■ ACTIVITY:
Please output exactly the part of the records below that opens with the line containing "move=> /(_ measurable_aff)" and closes with the line containing "rewrite ltr_pM2r ?invr_gt0//", both lines included, and nothing else.

[Opening DATA section]

(* Let $T\in\mathbb{N}$, $\beta_1,\dots,\beta_T\in(0,1)$, $\alpha_t=1-\beta_t$, $\bar\alpha_t=\prod_{i=1}^t\alpha_i$, and let $\sigma_t\ge0$ with $1-\bar\alpha_{t-1}-\sigma_t^2\ge0$ for $t=2,\dots,T$. Fix vectors $\bm y_0,\bm f\in\mathbb{R}^d$ (here $\bm f=f_\phi(\bm c)$ is the output of a fixed pre-trained regressor at the covariate $\bm c$). Define a joint distribution of $\bm y_1,\dots,\bm y_T$ given $\bm y_0$ by $$p(\bm y_T\mid\bm y_0)=\mathcal{N}\big(\sqrt{\bar\alpha_T}\bm y_0+(1-\sqrt{\bar\alpha_T})\bm f,\ (1-\bar\alpha_T)\mathbf{I}\big)$$ and, for $t=T,\dots,2$, $p(\bm y_{t-1}\mid\bm y_t,\bm y_0)=\mathcal{N}(\bm\mu(\bm y_0,\bm y_t),\sigma_t^2\mathbf{I})$ with $$\bm\mu(\bm y_0,\bm y_t)=\sqrt{\bar\alpha_{t-1}}\bm y_0+(1-\sqrt{\bar\alpha_{t-1}})\bm f+\sqrt{1-\bar\alpha_{t-1}-\sigma_t^2}\,\frac{\bm y_t-\big(\sqrt{\bar\alpha_t}\bm y_0+(1-\sqrt{\bar\alpha_t})\bm f\big)}{\sqrt{1-\bar\alpha_t}}.$$ Then for every $t=1,\dots,T$, $$p(\bm y_t\mid\bm y_0)=\mathcal{N}\big(\sqrt{\bar\alpha_t}\bm y_0+(1-\sqrt{\bar\alpha_t})\bm f,\ (1-\bar\alpha_t)\mathbf{I}\big).$$
   Context: This is the CARD (classification and regression diffusion) model written in the DDIM framework, where the diffusion interpolates between the data distribution and $\mathcal{N}(f_\phi(\bm c),\mathbf{I})$. *)

From HB Require Import structures.
From mathcomp Require Import all_boot all_order all_algebra.
From mathcomp Require Import all_classical all_reals all_analysis.
Set Implicit Arguments. Unset Strict Implicit. Unset Printing Implicit Defensive.
Import Order.TTheory GRing.Theory Num.Theory.
Local Open Scope classical_set_scope.
Local Open Scope ring_scope.

Section card.
Context {R : realType}.

(* integral of a nonnegative function h against the standard Gaussian N(0, I) on R^n,
   defined as the n-fold product of the standard normal N(0,1) (iterated integral) *)
Fixpoint std_gauss_int (n : nat) : (n.-tuple R -> \bar R) -> \bar R :=
  match n with
  | 0 => fun h => h [tuple]
  | n'.+1 => fun h =>
      (\int[normal_prob 0 1]_z std_gauss_int (fun t : n'.-tuple R => h (cons_tuple z t)))%E
  end.

(* integral of g against N(m, s^2 I) on R^d (s >= 0), the image of N(0,I) by z |-> m + s z *)
Definition gauss_int (d : nat) (m : d.-tuple R) (s : R) (g : d.-tuple R -> \bar R) : \bar R :=
  std_gauss_int (fun z : d.-tuple R => g [tuple tnth m i + s * tnth z i | i < d]).

Definition gauss_prob (d : nat) (m : d.-tuple R) (s : R) (A : set (d.-tuple R)) : \bar R :=
  gauss_int m s (fun y => (\1_A y)%:E).

Definition abar (beta : nat -> R) (t : nat) : R := \prod_(1 <= i < t.+1) (1 - beta i).

Definition card_mean (beta : nat -> R) (d : nat) (y0 f : d.-tuple R) (t : nat) : d.-tuple R :=
  [tuple Num.sqrt (abar beta t) * tnth y0 i + (1 - Num.sqrt (abar beta t)) * tnth f i | i < d].

Definition card_mu (beta sigma : nat -> R) (d : nat) (y0 f : d.-tuple R) (t : nat)
    (yt : d.-tuple R) : d.-tuple R :=
  [tuple tnth (card_mean beta y0 f t.-1) i
     + Num.sqrt (1 - abar beta t.-1 - sigma t ^+ 2)
       * ((tnth yt i - tnth (card_mean beta y0 f t) i) / Num.sqrt (1 - abar beta t)) | i < d].

(* card_marg_int T k g = E[g(y_{T-k}) | y0] under the joint distribution
   p(y_T|y0) prod_{t=T..2} p(y_{t-1}|y_t,y0)  (for k <= T-1) *)
Fixpoint card_marg_int (beta sigma : nat -> R) (d : nat) (y0 f : d.-tuple R) (T : nat)
    (k : nat) (g : d.-tuple R -> \bar R) : \bar R :=
  match k with
  | 0 => gauss_int (card_mean beta y0 f T) (Num.sqrt (1 - abar beta T)) g
  | k'.+1 => card_marg_int beta sigma y0 f T k'
      (fun yt => gauss_int (card_mu beta sigma y0 f (T - k')%N yt) (sigma (T - k')%N) g)
  end.

Definition card_marg (beta sigma : nat -> R) (d : nat) (y0 f : d.-tuple R) (T t : nat)
    (A : set (d.-tuple R)) : \bar R :=
  card_marg_int beta sigma y0 f T (T - t)%N (fun y => (\1_A y)%:E).

End card.

From HB Require Import structures.
From mathcomp Require Import all_boot all_order all_algebra.
From mathcomp Require Import all_classical all_reals all_analysis.
From mathcomp Require Import ring lra zify measurable_realfun.
Import Order.TTheory GRing.Theory Num.Theory.
Local Open Scope classical_set_scope.
Local Open Scope ring_scope.

(* Each reverse step is a Gaussian convolution.  Write m_t for the mean
   sqrt(abar_t) y0 + (1 - sqrt(abar_t)) f and s_t = sqrt(1 - abar_t).  If
   y_t = m_t + s_t z with z standard normal, then mu(y0, y_t) = m_{t-1} + c_t z
   with c_t = sqrt(1 - abar_{t-1} - sigma_t^2), hence y_{t-1} = m_{t-1} + c_t z
   + sigma_t w with w standard normal and independent of z.  As
   c_t^2 + sigma_t^2 = s_{t-1}^2, the vector c_t z + sigma_t w has the law of
   s_{t-1} u with u standard normal, and descending induction from t = T gives
   every marginal.  In dimension one, a z + b w ~ N(0, a^2 + b^2) follows from
   Fubini and the factorisation of the joint density of (z, a z + b w) into the
   marginal density of a z + b w times the conditional density of z; in
   dimension d it is applied coordinatewise. *)

Section integral_density.
Local Open Scope ereal_scope.
Context d (T : measurableType d) (R : realType).
Variables (mu nu : {measure set T -> \bar R}) (g : T -> R).
Hypothesis mg : measurable_fun setT g.
Hypothesis g_ge0 : forall x, (0 <= g x)%R.
Hypothesis nuE : forall A, measurable A -> nu A = \int[mu]_(x in A) (g x)%:E.

Let integral_density_indic E : measurable E ->
  \int[nu]_x (\1_E x)%:E = \int[mu]_x ((g x)%:E * (\1_E x)%:E).
Proof.
move=> mE; rewrite integral_indic// setIT nuE// integral_mkcond.
apply: eq_integral => x _; rewrite patchE indicE.
by case: ifPn => _; rewrite ?mule1 ?mule0.
Qed.

Import HBNNSimple.

Let integral_density_nnsfun (h : {nnsfun T >-> R}) :
  \int[nu]_x (h x)%:E = \int[mu]_x ((g x)%:E * (h x)%:E).
Proof.
under [LHS]eq_integral do rewrite fimfunE -fsumEFin//.
rewrite [LHS]ge0_integral_fsum//; last 2 first.
- by move=> r; exact/measurable_EFinP/measurableT_comp.
- by move=> n x _; rewrite EFinM nnfun_muleindic_ge0.
under [RHS]eq_integral => x _.
  rewrite fimfunE -fsumEFin// ge0_mule_fsumr; last first.
    by move=> r; rewrite EFinM nnfun_muleindic_ge0.
  over.
rewrite [RHS]ge0_integral_fsum//; last 2 first.
- move=> r; apply/measurable_EFinP; apply: measurable_funM => //.
  by do 2 apply/measurableT_comp => //.
- by move=> n x _; rewrite mule_ge0 ?nnfun_muleindic_ge0// lee_fin.
apply: eq_fsbigr => r _; rewrite integralZl_indic_nnsfun//.
have [r_ge0|r_lt0] := leP 0%R r; last first.
  rewrite (preimage_nnfun0 _ r_lt0) indic0 integral0 mule0.
  by rewrite integral0_eq// => x _ /=; rewrite mulr0 mule0.
rewrite integral_density_indic// -ge0_integralZl//.
- by apply: eq_integral => x _; rewrite EFinM muleCA.
- apply: emeasurable_funM; first exact/measurable_EFinP.
  apply/measurable_EFinP/measurable_indic.
  by apply: measurable_funPTI; exact: measurable_set1.
- by move=> x _; rewrite mule_ge0// lee_fin.
Qed.

Lemma ge0_integral_density (f : T -> \bar R) :
  measurable_fun setT f -> (forall x, 0 <= f x) ->
  \int[nu]_x f x = \int[mu]_x ((g x)%:E * f x).
Proof.
move=> mf f0; pose f_ := nnsfun_approx measurableT mf.
transitivity (limn (fun n => \int[nu]_x (f_ n x)%:E)).
  rewrite -monotone_convergence//=.
  - apply: eq_integral => x _; apply/esym/cvg_lim => //=.
    exact: cvg_nnsfun_approx.
  - by move=> n; exact/measurable_EFinP.
  - by move=> n x _; rewrite lee_fin.
  - by move=> x _ m n mn; rewrite lee_fin; exact/lefP/nd_nnsfun_approx.
under eq_fun do rewrite integral_density_nnsfun.
rewrite -monotone_convergence//=.
- apply: eq_integral => x _; apply/cvg_lim => //=.
  by apply: cvgeZl => //; exact: cvg_nnsfun_approx.
- by move=> n; apply: emeasurable_funM; exact/measurable_EFinP.
- by move=> n x _; rewrite mule_ge0// lee_fin.
- move=> x _ m n mn; apply: lee_wpmul2l; first by rewrite lee_fin.
  by rewrite lee_fin; exact/lefP/nd_nnsfun_approx.
Qed.

End integral_density.

Section lebesgue_measure_affine.
Context {R : realType}.
Local Notation mu := (@lebesgue_measure R).
Variables (c e : R).
Hypothesis c_gt0 : 0 < c.

Let aff : R -> measurableTypeR R := fun x => c * x + e.

Let measurable_aff : measurable_fun setT aff.
Proof. by apply: measurable_funD => //; exact: measurable_funM. Qed.

Let aff_preimage_itv a b :
  aff @^-1` `]a, b] = `](a - e) / c, (b - e) / c]%classic.
Proof.
apply/seteqP; split => x /=;
  by rewrite !in_itv/= ltr_pdivrMr// ler_pdivlMr// ![x * c]mulrC ltrBlDr lerBrDr.
Qed.

Let lebesgue_measure_aff A : measurable A ->
  mu A = (c%:E * pushforward mu aff A)%E.
Proof.
move=> mA; have := @lebesgue_measure_unique R
  (mscale (NngNum (ltW c_gt0)) (pushforward mu aff)).
move=> /(_ measurable_aff) -> //= _ [[a b] _ <-].
change (mu `]a, b] = c%:E * mu (aff @^-1` `]a, b]))%E.
rewrite aff_preimage_itv !lebesgue_measure_itv/= !lte_fin.
rewrite ltr_pM2r ?invr_gt0// ltrD2r; case: ifPn => ab; last by rewrite mule0.
by rewrite -!EFinB -EFinM; congr EFin; field; rewrite gt_eqF.
Qed.

Lemma ge0_integral_affine (F : R -> \bar R) :
  measurable_fun setT F -> (forall x, 0 <= F x)%E ->
  (\int[mu]_x F x = c%:E * \int[mu]_x F (c * x + e)%R)%E.
Proof.
move=> mF F0; rewrite (@eq_measure_integral _ _ _ setT
  (mscale (NngNum (ltW c_gt0)) (pushforward mu aff))).
  by rewrite ge0_integral_mscale//= ge0_integral_pushforward.
by move=> A mA _; exact: lebesgue_measure_aff.
Qed.

End lebesgue_measure_affine.

Section normal_convolution.
Context {R : realType}.
Local Notation mu := (@lebesgue_measure R).
Local Notation N := (@normal_prob R 0 1).

Lemma normal_pdf_expR (m s x : R) : s != 0 ->
  normal_pdf m s x = normal_peak s * expR (- (x - m) ^+ 2 / (s ^+ 2 *+ 2)).
Proof. by move=> s0; rewrite /normal_pdf (negbTE s0). Qed.

Lemma normal_peakM (s1 s2 s3 s4 : R) : s1 ^+ 2 * s2 ^+ 2 = s3 ^+ 2 * s4 ^+ 2 ->
  normal_peak s1 * normal_peak s2 = normal_peak s3 * normal_peak s4.
Proof.
have sqr_pi2_ge0 (s : R) : 0 <= s ^+ 2 * pi *+ 2.
  by rewrite mulrn_wge0// mulr_ge0 ?sqr_ge0 ?pi_ge0.
have factor (u v : R) :
    u ^+ 2 * pi *+ 2 * (v ^+ 2 * pi *+ 2) = u ^+ 2 * v ^+ 2 * (pi *+ 2) ^+ 2.
  by rewrite -!mulrnAr; ring.
by rewrite /normal_peak -!invfM -!sqrtrM ?sqr_pi2_ge0// !factor => ->.
Qed.

Lemma normal_pdf_affine (m s w : R) : 0 < s ->
  s * normal_pdf m s (s * w + m) = normal_pdf 0 1 w.
Proof.
move=> s_gt0; rewrite !normal_pdf_expR ?oner_neq0 ?gt_eqF// mulrA.
congr (_ * expR _); last by rewrite subr0 addrK expr1n; field; rewrite gt_eqF.
rewrite /normal_peak -!mulrnAr expr1n mul1r sqrtrM ?sqr_ge0// sqrtr_sqr.
by rewrite gtr0_norm// invfM mulrA divff ?mul1r// gt_eqF.
Qed.

Lemma ge0_integral_normal_prob (m s : R) (f : R -> \bar R) :
  measurable_fun setT f -> (forall x, (0 <= f x)%E) ->
  (\int[normal_prob m s]_x f x = \int[mu]_x ((normal_pdf m s x)%:E * f x))%E.
Proof.
move=> mf f0; apply: ge0_integral_density => //.
- exact: measurable_normal_pdf.
- exact: normal_pdf_ge0.
Qed.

[Closing DATA section]

■ ANSWER TO THE EXERCISE:
move=> /(_ measurable_aff) -> //= _ [[a b] _ <-].
change (mu `]a, b] = c%:E * mu (aff @^-1` `]a, b]))%E.
rewrite aff_preimage_itv !lebesgue_measure_itv/= !lte_fin.
rewrite ltr_pM2r ?invr_gt0// ltrD2r; case: ifPn => ab; last by rewrite mule0.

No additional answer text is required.